If someone wants to make a batch of "n" cherry pies and wants to use 16 cherries to make the filling how many flavor profiles can someone make if they have 6 cherry types and sufficiently many of each type to make any given combination to make the filling.
Would it be (16+6-1)!/(6!(16-1)!) = 54,264 different combinations? (using stars and bars)
Consider the different flavors the "boxes." Consider each cherry itself a "ball." We distribute the balls into the boxes, i.e. we decide how many of which flavor of cherry to use for a particular pie.
The number of ways in which we can do this we see via stars-and-bars as being
$$\binom{\text{#balls + #boxes - 1}}{\text{#boxes - 1}} = \binom{16+6-1}{6-1}=\dfrac{(16+6-1)!}{16!(6-1)!}$$
Your answer incorrectly used the wrong denominator, having accidentally had $\text{#boxes}$ as the second argument in the binomial coefficient rather than $\text{#boxes - 1}$. Some authors will write the answer with $n$ as the number of boxes and $k$ as the number of balls. Other authors might write the answer with these swapped, $n$ instead being the number of balls and $k$ the number of boxes. Remember the formula in terms of where you write the number of boxes and where you write the number of balls and reinterpret the problem as boxes and balls to avoid confusion.

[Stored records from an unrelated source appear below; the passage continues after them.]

Lemma maxtrans_lower k l m n q r (A : 'M[nat]_(n * k, n * l)) :
  0 < k -> k <= l -> 0 < n -> m = q * n + r -> inD k l m n A ->
  minn (n * k * (q + 1)) (n * k * q + r * (k + l)) <= maxtrans A.
Proof.
move=> k_gt0 kl n_gt0 -> [rows cols].
have nkl : n * k <= n * l by rewrite leq_pmul2l.
have [u [v [cov le_cover]]] := egervary nkl A.
apply: leq_trans le_cover.
have nk_gt0 : 0 < n * k by rewrite muln_gt0 n_gt0.
have nl_gt0 : 0 < n * l by rewrite muln_gt0 n_gt0 (leq_trans k_gt0 kl).
case: (@arg_minnP _ (Ordinal nk_gt0) xpredT u erefl) => ia _ u_min.
case: (@arg_minnP _ (Ordinal nl_gt0) xpredT v erefl) => jb _ v_min.
apply: (@cover_weight_lower k l n q r (u ia) (v jb)) => //.
- rewrite -(rows ia); apply: (@leq_trans (\sum_j (u ia + v j))); first exact: leq_sum.
  by rewrite big_split /= sum_nat_const card_ord.
- rewrite -(cols jb); apply: (@leq_trans (\sum_i (u i + v jb))); first exact: leq_sum.
  by rewrite big_split /= sum_nat_const card_ord addnC.
- have : \sum_(i < n * k) u ia <= \sum_i u i by apply: leq_sum => i _; apply: u_min.
  by rewrite sum_nat_const card_ord.
have : \sum_(j < n * l) v jb <= \sum_j v j by apply: leq_sum => j _; apply: v_min.
by rewrite sum_nat_const card_ord.
Qed.

Lemma D_witness_circulant k l m n q r : 0 < n -> r <= n -> m = q * n + r ->
  exists2 A : 'M[nat]_(n * k, n * l), inD k l m n A & maxtrans A <= n * k * (q + 1).
Proof.
move=> n_gt0 rn ->.
exists (\matrix_(i, j) (q + ((i + j) %% n < r))%N)%R; first split=> [i|j].
- under eq_bigr do rewrite mxE.
  by rewrite big_split /= sum_nat_const card_ord sum_modn_ltn //; lia.
- under eq_bigr => i _ do rewrite mxE [i + j]addnC.
  by rewrite big_split /= sum_nat_const card_ord sum_modn_ltn //; lia.
apply: leq_trans (maxtrans_leq_cover (u := fun=> q + 1) (v := fun=> 0) _) _.
  by move=> i j; rewrite mxE addn0 leq_add2l; case: (_ < r).
by rewrite !sum_nat_const !card_ord muln0 addn0 mulnC.
Qed.
Lemma eq_fgen_r {F : finFieldType} (d : nat) (w : F) a (r r' : 'I_d -> nat) :
  r =1 r' -> fgen d w a r =1 fgen d w a r'.
Proof.
by move=> rr' x; rewrite /fgen; case: (x == 0) => //; case: cycidx => // i; rewrite rr'.
Qed.

Section Transport.
Context {F : finFieldType} {d : nat} {w : F}.
Hypotheses (d_gt0 : (0 < d)%N) (d_dvd : (d %| #|F|.-1)%N)
  (w_prim : (#|F|.-1).-primitive_root w).

Definition c1 : Ctype F d := exist _ 1 inC1.
Definition i0 : 'I_d := Ordinal d_gt0.

Lemma val_c1 : val c1 = 1.
Proof. by []. Qed.

Lemma val_beta (ci : Omega F d) : val (beta d w ci) = val ci.1 * w ^+ ci.2.
Proof.
by rewrite /beta val_insubd mulf_neq0 ?(wX_neq0 w_prim) ?(inC_neq0 d_dvd (valP ci.1)).
Qed.

Definition binv (y : Fstar F) : Omega F d :=
  if cycidx d w (val y) is Some i then (insubd c1 (val y / w ^+ i), i) else (c1, i0).

Lemma betaK : cancel (beta d w) binv.
Proof.
case=> c i; rewrite /binv val_beta /= (cycidx_prod d_dvd w_prim _ (valP c)).
congr pair; apply: val_inj.
by rewrite val_insubd mulfK ?(wX_neq0 w_prim) // (valP c).
Qed.

Lemma binvK : cancel binv (beta d w).
Proof.
move=> y; have [c [i [hc yE]]] := coset_decomp d_gt0 d_dvd w_prim (valP y).
rewrite /binv yE (cycidx_prod d_dvd w_prim _ hc); apply: val_inj.
by rewrite val_beta /= yE val_insubd mulfK ?(wX_neq0 w_prim) // hc.
Qed.

Lemma beta_bij : bijective (beta d w).
Proof. by exists binv; [exact: betaK | exact: binvK]. Qed.

Lemma beta_inj : injective (beta d w). Proof. exact: can_inj betaK. Qed.
Lemma binv_inj : injective binv. Proof. exact: can_inj binvK. Qed.
(* Given a moment graph $\mathcal{G}$ on a lattice $\Lambda$ and a $\mathcal{G}$-compatible equivalence relation `$\sim$' on its vertex set, the quotient $\mathcal{G}_\sim$ is a moment graph on $\Lambda$.
   Context: A moment graph on a lattice $\Lambda$ is $\mathcal{G}=\big((V,\le), l\colon E\to \Lambda\setminus\{0\}\big)$ where $(V,\le)$ is a poset, $E\subset V\times V$ is a set of directed edges $v\to w$ labelled by $l(v\to w)\in\Lambda\setminus\{0\}$, and for every edge $v\to w$ we have $v\le w$, $v\ne w$. An equivalence relation `$\sim$' on $V$ is $\mathcal{G}$-compatible if (EQV1) $v\sim w$ implies $v\sim u$ for all $v\le u\le w$; (EQV2) if $v_1\to w_1\in E$, $v_1\not\sim w_1$, then for any $v_2\sim v_1$ there is a unique $w_2\sim w_1$ with $v_2\to w_2\in E$, and moreover $l(v_1\to w_1)=l(v_2\to w_2)$. The quotient $\mathcal{G}_\sim=\big((V_\sim,\le_\sim),l_\sim\colon E_\sim\to\Lambda\setminus\{0\}\big)$ has vertex set $V_\sim$ the set of equivalence classes $[v]$; edges $E_\sim=\{[v]\to[w]\mid v\not\sim w,\ \exists v'\sim v,\ w'\sim w \text{ with } v'\to w'\in E\}$; $\le_\sim$ the transitive closure of the relations $[v]\le_\sim[w]$ for $[v]\to[w]\in E_\sim$; and $l_\sim([v]\to[w]):=l(v'\to w')$ for $v'\sim v$, $w'\sim w$, $v'\to w'\in E$. *)

From mathcomp Require Import all_boot all_order all_algebra.
From Stdlib Require Import Relations ClassicalEpsilon.

Set Implicit Arguments.
Unset Strict Implicit.
Unset Printing Implicit Defensive.

Local Open Scope ring_scope.

Definition lattice (n : nat) := 'rV[int]_n.

(* A moment graph on a lattice Lambda: vertex type V with a relation le,
   an edge set E (v -> w iff E v w) and a labelling l, meaningful on edges. *)
Definition is_moment_graph (Lam : zmodType) (V : Type)
  (le : V -> V -> Prop) (E : V -> V -> Prop) (l : V -> V -> Lam) : Prop :=
  (forall v, le v v) /\
  (forall v w, le v w -> le w v -> v = w) /\
  (forall u v w, le u v -> le v w -> le u w) /\
  (forall v w, E v w -> le v w /\ v <> w /\ l v w <> 0).

Definition EQV1 (V : Type) (le : V -> V -> Prop) (eqv : V -> V -> Prop) : Prop :=
  forall v w u, eqv v w -> le v u -> le u w -> eqv v u.

Definition EQV2 (Lam : zmodType) (V : Type) (E : V -> V -> Prop)
  (l : V -> V -> Lam) (eqv : V -> V -> Prop) : Prop :=
  forall v1 w1, E v1 w1 -> ~ eqv v1 w1 ->
  forall v2, eqv v2 v1 ->
    (exists w2, eqv w2 w1 /\ E v2 w2 /\ l v1 w1 = l v2 w2) /\
    (forall w2 w2', eqv w2 w1 -> E v2 w2 -> eqv w2' w1 -> E v2 w2' -> w2 = w2').

Definition compatible (Lam : zmodType) (V : Type) (le E : V -> V -> Prop)
  (l : V -> V -> Lam) (eqv : V -> V -> Prop) : Prop :=
  EQV1 le eqv /\ EQV2 E l eqv.

Definition eqclass (V : Type) (eqv : V -> V -> Prop) (v : V) : V -> Prop :=
  fun u => eqv v u.

Definition qvert (V : Type) (eqv : V -> V -> Prop) : Type :=
  { C : V -> Prop | exists v, C = eqclass eqv v }.

Definition cls (V : Type) (eqv : V -> V -> Prop) (v : V) : qvert eqv :=
  exist _ (eqclass eqv v) (ex_intro _ v erefl).

Definition qedge (V : Type) (eqv : V -> V -> Prop) (E : V -> V -> Prop)
  (C D : qvert eqv) : Prop :=
  exists v w, C = cls eqv v /\ D = cls eqv w /\ ~ eqv v w /\
    exists v' w', eqv v' v /\ eqv w' w /\ E v' w'.

Definition qle (V : Type) (eqv : V -> V -> Prop) (E : V -> V -> Prop) :
  qvert eqv -> qvert eqv -> Prop :=
  clos_refl_trans (qvert eqv) (qedge E).

Definition qlabel (Lam : zmodType) (V : Type) (eqv : V -> V -> Prop)
  (E : V -> V -> Prop) (l : V -> V -> Lam) (C D : qvert eqv) : Lam :=
  epsilon (inhabits (0 : Lam)) (fun a =>
    exists v w v' w', C = cls eqv v /\ D = cls eqv w /\
      eqv v' v /\ eqv w' w /\ E v' w' /\ a = l v' w').

Arguments qvert {V} eqv.
Arguments cls {V} eqv v.
Arguments qedge {V} eqv E C D.
Arguments qle {V} eqv E _ _.
Arguments qlabel {Lam V} eqv E l C D.

(** Every class meets every edge leaving it (EQV2), so a chain of quotient
   edges out of [[a]] lifts to a chain of edges out of [a]; hence [[a] <=_~ D]
   forces [a <= b] for some [b] in [D].  If moreover [D <=_~ [a]], then
   [a <= b <= a'] with [a ~ a'], and EQV1 gives [a ~ b], i.e. [[a] = D].
   The label of [[v] -> [w]] is independent of the representative edge
   because, by EQV2, each [v2 ~ v1] has exactly one edge into [[w1]], and it
   carries the label of [v1 -> w1]. *)

From mathcomp Require Import all_boot all_order all_algebra.
From Stdlib Require Import Relations ClassicalEpsilon ProofIrrelevance.
From Stdlib Require Import FunctionalExtensionality PropExtensionality.

Set Implicit Arguments.
Unset Strict Implicit.

Section Classes.

Variables (V : Type) (eqv : V -> V -> Prop).
Hypothesis eqv_refl : reflexive V eqv.
Hypothesis eqv_trans : forall {x y z}, eqv x y -> eqv y z -> eqv x z.
Hypothesis eqv_sym : forall {x y}, eqv x y -> eqv y x.

Lemma eq_cls (v w : V) : cls eqv v = cls eqv w <-> eqv v w.
Proof.
split=> vw.
  by have : proj1_sig (cls eqv v) w by rewrite vw; exact: eqv_refl.
have classE : eqclass eqv v = eqclass eqv w.
  apply: functional_extensionality => u; apply: propositional_extensionality.
  by split=> [vu | wu]; [apply: eqv_trans (eqv_sym vw) vu | apply: eqv_trans vw wu].
rewrite /cls; move: (ex_intro _ v _) (ex_intro _ w _); rewrite classE => p q.
by rewrite (proof_irrelevance _ p q).
Qed.

Lemma qvert_cls (C : qvert eqv) : exists v, C = cls eqv v.
Proof.
case: C => C [v defC]; exists v; rewrite /cls.
move: (ex_intro _ v _) defC; rewrite -/(eqclass eqv v) => p defC.
move: p; rewrite -defC => p.
by rewrite (proof_irrelevance _ p (ex_intro _ v defC)).
Qed.

End Classes.

Section Quotient.

Variables (Lam : zmodType) (V : Type) (le E : V -> V -> Prop) (l : V -> V -> Lam).
Variable eqv : V -> V -> Prop.
Hypothesis eqv_refl : reflexive V eqv.
Hypothesis eqv_trans : forall {x y z}, eqv x y -> eqv y z -> eqv x z.
Hypothesis eqv_sym : forall {x y}, eqv x y -> eqv y x.
Hypothesis eqv2 : EQV2 E l eqv.

Let eq_cls := eq_cls eqv_refl (@eqv_trans) (@eqv_sym).

Lemma eqv_edge_label (v1 w1 v2 w2 : V) :
  E v1 w1 -> E v2 w2 -> ~ eqv v1 w1 -> eqv v1 v2 -> eqv w1 w2 ->
  l v1 w1 = l v2 w2.
Proof.
move=> e1 e2 nvw1 v12 w12.
have [[w3 [w31 [e3 ->]]] uniq_w] := eqv2 e1 nvw1 (eqv_sym v12).
by rewrite (uniq_w _ _ w31 e3 (eqv_sym w12) e2).
Qed.

Lemma qedge_cls_lift (a : V) (D : qvert eqv) :
  qedge eqv E (cls eqv a) D -> exists2 b, D = cls eqv b & E a b.
Proof.
move=> [v [w [/eq_cls av [-> [nvw [v' [w' [v'v [w'w e']]]]]]]]].
have nv'w' : ~ eqv v' w'.
  by move=> v'w'; apply: nvw; apply: eqv_trans (eqv_sym v'v) (eqv_trans v'w' w'w).
have [[b [bw' [eab _]]] _] := eqv2 e' nv'w' (eqv_trans av (eqv_sym v'v)).
by exists b => //; apply/eq_cls; apply: eqv_trans (eqv_sym w'w) (eqv_sym bw').
Qed.

Lemma qedge_neq (C D : qvert eqv) : qedge eqv E C D -> C <> D.
Proof. by move=> [v [w [-> [-> [nvw _]]]]] /eq_cls. Qed.

Lemma qlabel_cls (v w v' w' : V) :
  ~ eqv v w -> eqv v' v -> eqv w' w -> E v' w' ->
  qlabel eqv E l (cls eqv v) (cls eqv w) = l v' w'.
Proof.
move=> nvw v'v w'w e'.
rewrite /qlabel; set P := (fun a => _).
have : P (epsilon (inhabits 0%R) P).
  by apply: epsilon_spec; exists (l v' w'), v, w, v', w'.
move: (epsilon _ _) => a [v0 [w0 [v'' [w'' [/eq_cls vv0 [/eq_cls ww0]]]]]].
move=> [v''v0 [w''w0 [e'' ->]]].
have v''v : eqv v'' v by apply: eqv_trans v''v0 (eqv_sym vv0).
have w''w : eqv w'' w by apply: eqv_trans w''w0 (eqv_sym ww0).
apply: eqv_edge_label => //.
- by move=> v''w''; apply: nvw; apply: eqv_trans (eqv_sym v''v) (eqv_trans v''w'' w''w).
- exact: eqv_trans v''v (eqv_sym v'v).
- exact: eqv_trans w''w (eqv_sym w'w).
Qed.

Hypothesis le_refl : reflexive V le.
Hypothesis le_trans : forall {x y z}, le x y -> le y z -> le x z.
Hypothesis edge_le : forall {v w}, E v w -> le v w.

Lemma qle_cls_lift (a : V) (D : qvert eqv) :
  qle eqv E (cls eqv a) D -> exists2 b, D = cls eqv b & le a b.
Proof.
move=> /clos_rt_rt1n_iff; move Ca: (cls eqv a) => C path.
elim: path a Ca => [C0 | C0 C1 D1 e _ IH] a Ca; first by exists a.
move: e; rewrite -Ca => /qedge_cls_lift [b C1b eab].
have [c -> lebc] := IH b (esym C1b).
by exists c => //; apply: le_trans (edge_le eab) lebc.
Qed.

Hypothesis eqv1 : EQV1 le eqv.

Lemma qle_antisym (C D : qvert eqv) :
  qle eqv E C D -> qle eqv E D C -> C = D.
Proof.
have [a ->] := qvert_cls C.
move=> /qle_cls_lift [b -> leab] /qle_cls_lift [a' /eq_cls aa' leba'].
by apply/eq_cls; apply: eqv1 aa' leab leba'.
Qed.

End Quotient.

Theorem mainTheorem1 (n : nat) (V : Type) (le E : V -> V -> Prop)
  (l : V -> V -> lattice n) (eqv : V -> V -> Prop) :
  is_moment_graph le E l ->
  equivalence V eqv ->
  compatible le E l eqv ->
  is_moment_graph (qle eqv E) (qedge eqv E) (qlabel eqv E l) /\
  (* the label l_~ is well defined: it equals l(v' -> w') for every
     representative edge v' -> w' between the two classes *)
  (forall v w v' w', ~ eqv v w -> eqv v' v -> eqv w' w -> E v' w' ->
     qlabel eqv E l (cls eqv v) (cls eqv w) = l v' w').
Proof.
move=> [le_refl [_ [le_trans edgeP]]] [eqv_refl eqv_trans eqv_sym] [eqv1 eqv2].
have edge_le v w (e : E v w) : le v w by case: (edgeP v w e).
have qlabelE := qlabel_cls eqv_refl eqv_trans eqv_sym eqv2.
split=> //; split; first exact: rt_refl.
split; first exact: qle_antisym eqv2 le_refl le_trans edge_le eqv1.
split; first exact: rt_trans.
move=> C D e; split; first exact: rt_step.
split; first exact: (qedge_neq eqv_refl eqv_trans eqv_sym e).
move: e => [v [w [-> [-> [nvw [v' [w' [v'v [w'w e']]]]]]]]].
by rewrite (qlabelE _ _ _ _ nvw v'v w'w e'); case: (edgeP _ _ e') => _ [].
Qed.
(* For any $b\in B_k$ there exist unique $b_-\in\mathcal{U}_-$ and $b_+\in\mathcal{P}_+$ such that $b=b_-b_+$.
   Context: Let $\mathfrak{g}=\mathfrak{gl}_n(\mathbb{C})$, $\mathfrak{t}$ a Cartan subalgebra, $k>1$, $T=\sum_{i=1}^{k-1}T_iz^{-i}$ with $T_i\in\mathfrak{t}$, $T_{k-1}\neq0$. $B_k=\{b=\sum_{i=0}^{k-1}b_iz^i:b_0=1,b_i\in\mathfrak{g}\}\subset\mathrm{GL}_n(\mathbb{C}[z]/(z^k))$. For $i=0,\dots,k-2$ let $\mathbb{C}^n=\bigoplus_{p\in J_i}V^{(i)}_p$ be the decomposition into simultaneous eigenspaces of $(T_{i+1},\dots,T_{k-1})$, with $\pi_i:J_j\to J_i$ ($j\le i$) the natural surjections; fix total orders on the $J_i$ such that for $i<k-2$, $\pi_{i+1}(p)<\pi_{i+1}(q)\Rightarrow p<q$. Let $\mathfrak{p}_i^+=\bigoplus_{p\ge q}\mathrm{Hom}(V^{(i)}_p,V^{(i)}_q)$, $\mathfrak{u}_i^-=\bigoplus_{p<q}\mathrm{Hom}(V^{(i)}_p,V^{(i)}_q)$ (sums over $p,q\in J_i$), $\mathfrak{p}^+_{k-1}=\mathfrak{g}$, $\mathfrak{u}^-_{k-1}=0$. $\mathcal{U}_-=\{b\in B_k:b_i\in\mathfrak{u}_i^-,1\le i\le k-1\}$, $\mathcal{P}_+=\{b\in B_k:b_i\in\mathfrak{p}_i^+,1\le i\le k-1\}$. *)

From HB Require Import structures.
From mathcomp Require Import all_boot all_order all_algebra.
From mathcomp Require Import complex.
From mathcomp Require Import Rstruct.
Set Implicit Arguments. Unset Strict Implicit. Unset Printing Implicit Defensive.
Import Order.TTheory GRing.Theory Num.Theory.
Local Open Scope ring_scope.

Now, your answer doesn't have anything to do with $n$. Assuming you are wanting to make $n$ pies with possibly varying flavor profiles, you are allowed to repeat flavor profiles, and order in which we list these pies is irrelevant, we need to apply stars and bars once more. The pies are the balls here and there are $n$ of them. The flavor profiles are the boxes now and there are $\binom{16+6-1}{6-1}$ of them. This gives a final answer of:
$$\binom{n+\binom{16+6-1}{6-1}-1}{\binom{16+6-1}{6-1}-1}=\binom{n+\binom{16+6-1}{6-1}-1}{n}$$